Lemma eta_c_lt_1 (T : R) : min_period eta T -> c < 1.
Proof.
  intros Hmin. destruct (min_period_nonconstant eta T Hmin) as [s1 [s2 Hs]].
  destruct (Rlt_le_dec c 1) as [|Hc]; [assumption | exfalso].
  assert (Hzero : forall t, eta t = 0).
  { intro t. pose proof (pow2_ge_0 (Derive eta t)). pose proof (pow2_ge_0 (eta t)).
    assert (Hprod : eta t ^ 2 * (eta t ^ 2 - 2 * H) <= 0).
    { replace (eta t ^ 2 * (eta t ^ 2 - 2 * H)) with (- Derive eta t ^ 2 - 2 * (c - 1))
        by (rewrite eta_first_integral; ring).
      lra. }
    assert (Heta2 : eta t ^ 2 <= 0) by nra. nra. }
  apply Hs. now rewrite !Hzero.
Qed.

Section EtaCircle.

Hypothesis c_lt_1 : c < 1.

Definition eta_beta : R := H + sqrt (H ^ 2 + 2 * (1 - c)).
Definition eta_B : R := - H + sqrt (H ^ 2 + 2 * (1 - c)).

Lemma neg_H_lt_sqrt : - H < sqrt (H ^ 2 + 2 * (1 - c)).
Proof. rewrite <- (sqrt_pow2 (- H)) by lra. apply sqrt_lt_1_alt. nra. Qed.

Lemma eta_beta_pos : 0 < eta_beta.
Proof. pose proof neg_H_lt_sqrt. unfold eta_beta. lra. Qed.

Lemma neg_2H_lt_eta_B : - 2 * H < eta_B.
Proof. pose proof neg_H_lt_sqrt. unfold eta_B. lra. Qed.

Lemma eta_first_integral_factor (t : R) :
  Derive eta t ^ 2 = (eta_beta - eta t ^ 2) * (eta_B + eta t ^ 2).
Proof.
  assert (Hsqrt : sqrt (H ^ 2 + 2 * (1 - c)) * sqrt (H ^ 2 + 2 * (1 - c)) = H ^ 2 + 2 * (1 - c))
    by (apply sqrt_sqrt; nra).
  rewrite eta_first_integral. unfold eta_beta, eta_B. nra.
Qed.

Definition eta_weight (t : R) : R := sqrt (eta_B + eta t ^ 2).
Definition eta_speed_at (u : R) : R := sqrt (eta_B + eta_beta * u ^ 2).
Definition eta_circle_s (t : R) : R := / sqrt eta_beta * eta t.
Definition eta_circle_p (t : R) : R := Derive eta t / (sqrt eta_beta * eta_weight t).

Lemma eta_B_eta_pos (t : R) : 0 < eta_B + eta t ^ 2.
Proof. pose proof neg_2H_lt_eta_B. pose proof (pow2_ge_0 (eta t)). lra. Qed.

Lemma eta_weight_pos (t : R) : 0 < eta_weight t.
Proof. apply sqrt_lt_R0, eta_B_eta_pos. Qed.

Lemma eta_weight_sqr (t : R) : eta_weight t * eta_weight t = eta_B + eta t ^ 2.
Proof. apply sqrt_sqrt, Rlt_le, eta_B_eta_pos. Qed.

Lemma eta_weight_derive (t : R) :
  is_derive eta_weight t (eta t * Derive eta t / eta_weight t).
Proof.
  pose proof (eta_B_eta_pos t). pose proof (eta_weight_pos t). unfold eta_weight in *.
  auto_derive.
  - repeat split; [apply eta_derivable|].
    replace (eta t * (eta t * 1)) with (eta t ^ 2) by ring. lra.
  - change (Derive (fun x => eta x) t) with (Derive eta t).
    replace (eta t * (eta t * 1)) with (eta t ^ 2) by ring.
    field. lra.
Qed.

Lemma eta_speed_at_circle_s (t : R) : eta_speed_at (eta_circle_s t) = eta_weight t.
Proof.
  pose proof eta_beta_pos. unfold eta_speed_at, eta_circle_s, eta_weight. f_equal.
  rewrite <- (sqrt_sqrt eta_beta) at 1 by lra.
  field. apply Rgt_not_eq, sqrt_lt_R0. lra.
Qed.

________________________________________

Instructions for the task:
Your answer should be the lines of the listing above between the line holding "assert (Hzero : forall t, eta t = 0)." and the line holding "Definition eta_B : R", inclusive, restated word for word and alone.

Solved exercise:
  assert (Hzero : forall t, eta t = 0).
  { intro t. pose proof (pow2_ge_0 (Derive eta t)). pose proof (pow2_ge_0 (eta t)).
    assert (Hprod : eta t ^ 2 * (eta t ^ 2 - 2 * H) <= 0).
    { replace (eta t ^ 2 * (eta t ^ 2 - 2 * H)) with (- Derive eta t ^ 2 - 2 * (c - 1))
        by (rewrite eta_first_integral; ring).
      lra. }
    assert (Heta2 : eta t ^ 2 <= 0) by nra. nra. }
  apply Hs. now rewrite !Hzero.
Qed.

Section EtaCircle.

Hypothesis c_lt_1 : c < 1.

Definition eta_beta : R := H + sqrt (H ^ 2 + 2 * (1 - c)).
Definition eta_B : R := - H + sqrt (H ^ 2 + 2 * (1 - c)).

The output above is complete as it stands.